In my early childhood I was subjected to intense night terrors. I remember these clearly, but the concepts can barely be rendered into words. They weren't movies of images like other dreams, they were more like pure emotions, combined with sense-free apprehension of states which didn't map onto ordinary experience as I had known it to that time. Compared to later
drug experiences they seem less strange, but when you are a child you assume that anything dangerous will be explained to you. Anything which hasn't been explained and made known is dangerous.

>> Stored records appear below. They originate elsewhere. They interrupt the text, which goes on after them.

Fixpoint positive_unital d (t : circuit d) : Prop :=
  match t with
  | CLeaf _ k E => povm E
  | CNode _ _ _ K l r =>
      quantum_op K /\ unital_op K /\ positive_unital l /\ positive_unital r
  end.

Fixpoint circuit_eval d (t : circuit d) (x : assignment) : 'M[C]_d :=
  match t with
  | CLeaf _ k E => E (x k)
  | CNode _ _ _ K l r => kraus_apply K (circuit_eval l x *t circuit_eval r x)
  end.

End Quantum.

(* Two facts make Tr(O(x) rho) a distribution: each O(x) is positive
   semidefinite and the O(x) sum to the identity.  Positivity propagates from
   the POVM elements at the leaves to the root, since Kronecker products and
   Kraus maps A |-> sum_j K_j A K_j^* preserve it, and Tr(A rho) >= 0 for PSD
   A and rho.  Normalisation propagates too: the two subtrees of a unit read
   disjoint sets of variables, so the sum over their joint assignments factors
   as (sum O_l) (x) (sum O_r) = 1 (x) 1 = 1, which a unital operation maps to 1. *)
From HB Require Import structures.
From mathcomp Require Import all_boot all_order all_algebra.
From mathcomp Require Import complex mxtens.
From mathcomp Require Import reals.
From mathcomp Require Import sesquilinear spectral.

Import Order.TTheory GRing.Theory Num.Theory.
Local Open Scope ring_scope.

Section PositiveSemidefinite.
Set Implicit Arguments.
Unset Strict Implicit.
Unset Printing Implicit Defensive.
Local Open Scope sesquilinear_scope.

Variable C : numClosedFieldType.

Lemma adjmxE m n (A : 'M[C]_(m, n)) : adjmx A = A ^t*.
Proof. by apply/matrixP => i j; rewrite !mxE. Qed.

Lemma adjmxK m n (A : 'M[C]_(m, n)) : adjmx (adjmx A) = A.
Proof. by rewrite !adjmxE trmxCK. Qed.

Lemma adjmxM m n p (A : 'M[C]_(m, n)) (B : 'M[C]_(n, p)) :
  adjmx (A *m B) = adjmx B *m adjmx A.
Proof. by rewrite !adjmxE trmx_mul map_mxM. Qed.

Lemma adjmx_tens m n p q (A : 'M[C]_(m, n)) (B : 'M[C]_(p, q)) :
  adjmx (A *t B) = adjmx A *t adjmx B.
Proof. by rewrite !adjmxE trmx_tens map_mxT. Qed.

Lemma adjmx_delta m n (i : 'I_m) (j : 'I_n) :
  adjmx (delta_mx i j : 'M[C]_(m, n)) = delta_mx j i.
Proof. by apply/matrixP => a b; rewrite !mxE conjC_nat andbC. Qed.

Lemma psd_gram n p (F : 'M[C]_(n, p)) : psd (F *m adjmx F).
Proof.
split=> [|v]; first by rewrite adjmxM adjmxK.
suff -> : adjmx v *m (F *m adjmx F) *m v =
          adjmx (adjmx F *m v) *m (adjmx F *m v).
  by rewrite mxE; apply: sumr_ge0 => k _; rewrite !mxE mulrC -normCK exprn_ge0.
by rewrite adjmxM adjmxK !mulmxA.
Qed.
Lemma SN_notification_bounds (xstar xt : sol R V S) (J : 'I_V -> nat -> R) :
  is_xstar T lam p g xstar -> SN_offline T lam p g xstar xt J ->
  forall u s t, (1 <= t <= T)%N -> 0 <= xt u s t <= 1.
Proof.
move=> xstar_opt SN u s t tT; have [_ /(_ t tT) [-> _]] := SN u.
by case: ifP => _; [exact: xstar_entry_bounds | rewrite lexx ler01].
Qed.

End NotificationProbabilities.

Theorem lemma2 (R : realType) (V S T : nat)
  (lam : 'I_S -> nat -> R) (p : 'I_V -> 'I_S -> R) (g : nat -> R)
  (xstar xt : 'I_V -> 'I_S -> nat -> R) (J : 'I_V -> nat -> R) :
  (forall s t, 0 <= lam s t) ->
  (forall t, \sum_(s < S) lam s t <= 1) ->
  (forall v s, 0 <= p v s <= 1) ->
  pmf_pos g ->
  is_xstar T lam p g xstar ->
  SN_offline T lam p g xstar xt J ->
  forall v : 'I_V, J v 1%N <= expected_completed T lam p g xt v.
Proof.
move=> lam_ge0 lam_sum_le1 p_prob g_pmf xstar_opt SN v.
have xt_prob := SN_notification_bounds xstar_opt SN.
have := J_le_EV lam_ge0 lam_sum_le1 p_prob g_pmf xt_prob SN v (init_state V T)
  (add1n T) (leqnn 1).
by rewrite ffunE.
Qed.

The worst nightmare state was like a hyperawareness of the laws of physics or the basic state of the world, combined with absolute knowledge that it was all wrong. It was as though I were an alien creature from a reality with laws radically different from our own, who had been suffering from amnesia. The amnesia might have been an adaptation, a way of coping with these new nonsensical laws of cause and effect. The only way I could adapt was by forgetting the way things should have been, so I could deal with the way things now were. However, in the dead of night, in my sleep, the old laws flooded back into memory and I would awake screaming and terrified at the feeling of disorientation. It was as though I came from a world where gravity was a repellent force, and was frightened at being in an enclosed room this close to large mass of the earth, because I knew that I would be flung away at great speed. Or, a reality where the geometry didn't allow for objects to enclose other objects, and the fact that I was inside the house was an impossibility which was driving me mad. Or a reality where consciousness was entirely divorced from solid matter, and the body to which my mind was so firmly attached now was like waking up and realising that a decaying dead goat has been grafted onto your side while you slept. These states were exquisitely terrifying, beyond the fear which imminent death might inspire. They were terrors which transcend extinction, terrors based on concepts and scales which far outweigh mere existence.
In the fiction of Lovecraft he often mentions cities and buildings with non-Euclidian geometry and the effect that gazing upon same has upon the sanity of his human characters, but the denizens of those cities would feel the same horror when exposed to our own architecture. I felt like a lost Shoggoth imprisoned in a human body suddenly remembering the shapes and forms of my home, and apprehending the wrongness of my human home.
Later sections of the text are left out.